Single by Starpoint

from the album Restless
- B-side: "Send Me a Letter"
- Released: March 12, 1985
- Length: 5:06 (album version); 5:40 (vocal 12-inch version); 3:51 (single version);
- Label: Elektra
- Songwriters: Ernesto Phillips; Keith Diamond; Ky Adeyemo;
- Producers: Keith Diamond; Lionel Job;

= Object of My Desire =

1985 song by Starpoint

"Object of My Desire" is a song recorded by American group Starpoint from the album Restless. The song was released in 1985 by Elektra Records.

It came in as the 93rd biggest song of 1986 according to the Billboard Year-End.
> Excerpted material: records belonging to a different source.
(** the crossing contribution V(c, f), a representative in C of the value in
    C / 2 pi^2 i Z *)
Definition crossing_volume (pos : bool) (s1 s2' : shape) (f : flat) : C :=
  let e := epsC pos in
  if Ceq_dec (sb s2') (sb s1) then
    2 * RtoC (PI ^ 2) * Ci *
      (be1 f * (gW f - gN f) - be1' f * (gS f - gE f)
       + be2 f * (gS f - gW f) - be2' f * (gE f - gN f)
       - mu1 f * (e * (be1 f - be1' f + mu2 f) + gS f - gW f)
       - mu2 f * (e * (be2' f - be2 f + mu1 f) + gE f - gS f))
  else
    let zN0 := twopii * e * (be2' f - be1 f) in
    let zN1 := twopii * (kap f - gN f) in
    let zW0 := twopii * e * (be2 f - be1 f - mu1 f) in
    let zW1 := twopii * (kap f - gW f + e * mu1 f) in
    let zS0 := twopii * e * (be2 f - be1' f + mu2 f - mu1 f) in
    let zS1 := twopii * (kap f - gS f + e * (mu1 f - mu2 f)) in
    let zE0 := twopii * e * (be2' f - be1' f + mu2 f) in
    let zE1 := twopii * (kap f - gE f - e * mu2 f) in
    - Ci * e * (Lhat zN0 zN1 - Lhat zW0 zW1 + Lhat zS0 zS1 - Lhat zE0 zE1).

Inductive param :=
  Pmu1 | Pmu2 | Pbe1 | Pbe2 | Pbe1' | Pbe2' | PgN | PgW | PgS | PgE.
Lemma pg_step_decrease (y y' : 'cV[R]_n) (J : nat) : 1 < beta ->
  n%:R * `|L| < beta ^+ J * (1 - etabar) ->
  condPG f lam epsg y -> phi f lam y <= c0 -> pg_step f lam beta etabar y y' ->
  phi f lam y' <= phi f lam y - etabar / beta ^+ J * powR epsg (3/4) ^+ 2.
Proof.
move=> beta_gt1 K_lt PG y_c0 [jk [acc [jk_min ->]]].
have betaX_gt0 k : 0 < beta ^+ k by rewrite exprn_gt0 // (lt_trans ltr01).
have jk_le : (jk <= J)%N.
  rewrite leqNgt; apply/negP => /jk_min /negP; apply.
  exact: pg_accept_large_step.
have G_gt := Gmap_sqr_gt lam_ge0 (betaX_gt0 jk) PG.
have : etabar / beta ^+ J <= etabar / beta ^+ jk.
  by rewrite ler_wpM2l // lef_pV2 ?posrE // ler_eXn2l.
move=> step_le; have := ler_pM (divr_ge0 etabar_ge0 (ltW (betaX_gt0 J)))
  (sqr_ge0 _) step_le (ltW G_gt).
by move: acc; rewrite /pg_accept; lra.
Qed.

End ProximalGradientDecrease.

Lemma ncg_step_nonincreasing (R : realType) (n : nat) (f : 'cV[R]_n -> R)
    (lam epsg delta tauhat zeta eta theta : R) (y y' : 'cV[R]_n) :
  0 <= eta -> 0 <= theta ->
  ncg_step f lam epsg delta tauhat zeta eta theta y y' ->
  phi f lam y' <= phi f lam y.
Proof.
move=> eta_ge0 theta_ge0.
move=> [_ [_ [_ [_ [dk [_ [_ [_ [_ [_ [jk [decr [_ ->]]]]]]]]]]]]].
apply/ltW/(lt_le_trans decr); rewrite lerBlDr lerDl /epsh.
by rewrite !mulr_ge0 ?exprn_ge0 ?sqrtr_ge0 ?sqr_ge0.
Qed.

Lemma exists_expr_gt (R : realType) (x b : R) : 1 < b -> exists J, x < b ^+ J.
Proof.
move=> b_gt1; have b1_gt0 : 0 < b - 1 by rewrite subr_gt0.
have bernoulli J : 1 + J%:R * (b - 1) <= b ^+ J.
  elim: J => [|J IH]; first by rewrite mul0r addr0.
  have := mulr_ge0 (mulr_ge0 (ler0n R J) (ltW b1_gt0)) (ltW b1_gt0).
  have := ler_wpM2l (ltW (lt_trans ltr01 b_gt1)) IH.
  rewrite exprS -natr1; lra.
set J := Num.Def.archi_bound (`|x| / (b - 1)).
have := archi_boundP (divr_ge0 (normr_ge0 x) (ltW b1_gt0)).
rewrite -/J ltr_pdivrMr // => x_lt; exists J.
by have := bernoulli J; have := ler_norm x; lra.
Qed.

Lemma finite_descent_steps (R : realType) (u : nat -> R) (lb dlt : R)
    (A P : pred nat) :
  0 < dlt -> (forall k, lb <= u k) ->
  (forall k, A k -> u k <= u 0 -> u k.+1 <= u k - dlt * (P k)%:R) ->
  exists K, forall k, (K <= k)%N -> (forall j, (j <= k)%N -> A j) -> ~~ P k.
Proof.
move=> dlt_gt0 lb_le step.
pose cnt k := (\sum_(0 <= j < k.+1) P j)%N.
have cnt_ge0 k : 0 <= dlt * (cnt k)%:R by rewrite mulr_ge0 ?ler0n ?ltW.
have u_cnt k : (forall j, (j <= k)%N -> A j) ->
    u k.+1 <= u 0 - dlt * (cnt k)%:R.
  elim: k => [|k IH] Ak.
    by have := step 0 (Ak 0 (leqnn 0)) (lexx _); rewrite /cnt big_nat1.
  have {IH}IH := IH (fun j jk => Ak j (leqW jk)).
  have u_le : u k.+1 <= u 0 by have := cnt_ge0 k; lra.
  have := step k.+1 (Ak _ (leqnn _)) u_le.
  by rewrite /cnt big_nat_recr //= -/(cnt k) natrD mulrDr; lra.
pose M := Num.Def.archi_bound ((u 0 - lb) / dlt).
have cnt_lt k : (forall j, (j <= k)%N -> A j) -> (cnt k < M)%N.
  move=> /u_cnt u_le; rewrite -(ltr_nat R).
  have bound_ge0 : 0 <= (u 0 - lb) / dlt.
    by rewrite divr_ge0 ?subr_ge0 ?lb_le // ltW.
  apply: le_lt_trans (archi_boundP bound_ge0); rewrite ler_pdivlMr //.
  by have := lb_le k.+1; lra.
apply: contrapT => noK.
have P_often K : exists2 k, (K <= k)%N & (forall j, (j <= k)%N -> A j) /\ P k.
  apply: contrapT => nk; apply: noK; exists K => k Kk Ak.
  by apply/negP => Pk; apply: nk; exists k.
have cnt_unbounded m : exists2 k, (forall j, (j <= k)%N -> A j) & (m <= cnt k)%N.
  elim: m => [|m [k _ mk]]; first by have [k _ [Ak _]] := P_often 0%N; exists k.
  have [k' kk' [Ak' Pk']] := P_often k.+1; exists k' => //.
  apply: leq_ltn_trans mk _.
  rewrite [X in (_ < X)%N](@big_cat_nat _ _ _ k.+1) ?ltnS ?(ltnW kk') //=.
  by rewrite -addn1 leq_add2l big_nat_recr //= Pk' addn1.
have [k Ak kM] := cnt_unbounded M.
by have := cnt_lt k Ak; rewrite ltnNge kM.
Qed.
No song that peaked as low as number 25 would crack the year-end until seven years later.

The tune was a major hit for the group, becoming their first single to crack the top ten on the R&B singles chart, reaching number 8, and the top 40 on the pop charts, peaking at number 25. It also entered the dance charts, peaking at number 12, and number 7 on the Dance "Maxi singles" charts. In the United Kingdom, the song reached number 96 on the pop chart.

In 2005, American DJ Dana Rayne released a dance-oriented cover of the song that charted at number 7 in the United Kingdom in early January.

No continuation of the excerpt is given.